Harpers Ferry National Historical Park

Harpers Ferry - Maryland Heights

Modern photograph of Maryland Heights
Modern photograph of Maryland Heights
NPS

Quick Facts

Location:
Harpers Ferry, WV
Designation:
National Park

Maryland Heights is the highest mountain overlooking Harpers Ferry. Its southern face is a 300-foot vertical cliff that towers over the Potomac River, the Baltimore & Ohio Railroad, and the Chesapeake and Ohio Canal. The mountain is steep, rugged, and primitive, with a thick veneer of Civil War history.

Maryland Heights hosted the first battle between Union and Confederate troops in Maryland. The first combat on Northern soil between the two armies occurred on Maryland Heights. Maryland Heights was the most important strategic target of the Confederate army in the Battle of Harpers Ferry, which took place from September 12-15, 1862. Without the seizure of Maryland Heights, Robert E. Lee's Confederates could not entrap the Union garrison and complete Lee's assignment outlined in Special Orders 191.

Lee selected Maj. Gen. Lafayette McLaws to lead the advance upon Maryland Heights, expecting McLaws to snare the Union garrison from the north. McLaws arrived at the eastern base of the mountain on September 12 with 8,000 men. Discovering nearly 4,000 Union soldiers stationed atop the mountain, McLaws directed William Barksdale's Mississippi brigade and Joseph Kershaw's South Carolina brigade to ascend Elk Ridge north of Maryland Heights and to take the Union position. Battling at Maryland Heights lasted from 6:30 a.m. to 3:30 p.m. on September 13, and eventually, the Union troops under Colonel Thomas H. Ford's command abandoned their position. The loss of Maryland Heights cut off the Union forces escape routes and helped lead to the surrender of the Union garrison on September 15.

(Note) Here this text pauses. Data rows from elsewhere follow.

(* A nonzero [p] acts by a nonzero scalar [b] on a common eigen-idempotent [F] of the [u i],
   so [F = b^-1 *: (p * F)] would be a nonzero idempotent in the radical. *)
Lemma span_jacobson_radical_eq0 (I : Type) (s : seq I) (c : I -> k) (u : I -> A) :
  (forall i, P (u i)) -> jacobson_radical (\sum_(i <- s) c i *: u i) ->
  \sum_(i <- s) c i *: u i = 0.
Proof.
move=> Pu Jp; apply/eqP; apply: contraT => p_neq0.
have [|F [FF pF _ FL]] := common_eigen_idem (L := map u s) _ p_neq0.
  by elim: s {Jp p_neq0} => [|i s IHs] v //; rewrite inE => /predU1P[->|/IHs].
have [b pFb] : exists b, (\sum_(i <- s) c i *: u i) * F = b *: F.
  elim: s {Jp p_neq0 pF} FL => [|i s IHs] FL.
    by exists 0; rewrite big_nil mul0r scale0r.
  have [|b Fb] := IHs; first by move=> v vs; apply: FL; rewrite inE vs orbT.
  have [w Fw] := FL (u i) (mem_head _ _).
  by exists (c i * w + b); rewrite big_cons mulrDl Fb -scalerAl Fw scalerA scalerDl.
have b_neq0 : b != 0 by apply: contraNneq pF => b0; rewrite pFb b0 scale0r.
have JF : jacobson_radical F.
  rewrite -[F]scale1r -(mulVf b_neq0) -scalerA -pFb.
  by apply: jacobson_radicalZ; exact: jacobson_radicalMr.
by move: pF; rewrite (jacobson_radical_idem FF JF) mulr0 eqxx.
Qed.

End CommutingRootsOfUnity.

Section SubalgebraType.
Variables (k : fieldType) (A : algType k) (S : {pred A}).

(* [S] keyed by a proof of closure, so that it carries a canonical subalgebra structure. *)
Definition subalg_pred (hS : subalg_closed S) : {pred A} := S.

Variable hS : subalg_closed S.
HB.instance Definition _ :=
  GRing.isSubalgClosed.Build k A (subalg_pred hS) (GRing.subalg_closed_semi hS).

Inductive subalg_type := SubalgElem a of a \in subalg_pred hS.
Definition subalg_val u := let: SubalgElem a _ := u in a.
HB.instance Definition _ := [isSub for subalg_val].
HB.instance Definition _ := [Choice of subalg_type by <:].
HB.instance Definition _ := [SubChoice_isSubAlgebra of subalg_type by <:].

End SubalgebraType.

The significance of Maryland Heights is further attested by the Union occupation of the mountain two days following the Battle of Antietam. By securing the heights on September 19, the Union, once again, occupied Harpers Ferry and to ensure the protection of the position, Maj. Gen. George B. McClellan ordered that extensive fortifications be constructed on Maryland Heights. Union engineers quickly surveyed the terrain, and during the fall of 1862, work commenced on the Stone Fort and the 30-pounder Battery, along with improvements at the Naval Battery. Ten months later, as General Lee threatened Harpers Ferry with his second invasion during the Gettysburg Campaign; construction hastened which resulted in the Interior Fort, the Exterior Fort, and the 100-pounder Battery. This latter battery boasted a 100-pounder Parrott Rifle that could hurl a 100-pound shell more than two miles and the tube of this cannon weighed nearly 10 tons.

The fortifications of Maryland Heights played a major role in the Confederacy's third and final invasion of the North. Confederate Maj. Gen. Jubal Early spent four days attempting to maneuver the Union out of the forts, but he failed. During the time Early spent worrying about Maryland Heights, the Union was able to send reinforcements to Washington, ultimately helping to save the United States capital. The Union army would occupy the forts of Maryland Heights until June 30, 1865. The final time the big cannon boomed was in memory of President Lincoln following his assassination.

Though Maryland Heights was occupied by Union forces the most, Maryland Heights occupation was by Confederates. Col. Thomas Jonathan Jackson seized the mountain in May 1861. Recognizing the strategic value of the high ground, Jackson was sure he could not defend Harpers Ferry without holding Maryland Heights. Jackson's aggressiveness created major turmoil when he positioned his troops in neutral Maryland, a state that the Confederacy was trying to get to join their cause. Despite the political firestorm set off by Jackson, he refused to abandon the position. The Confederates left on their own volition on June 14, 1861, when the Confederates abandoned Harpers Ferry five weeks before the First Battle of Manassas (Bull Run).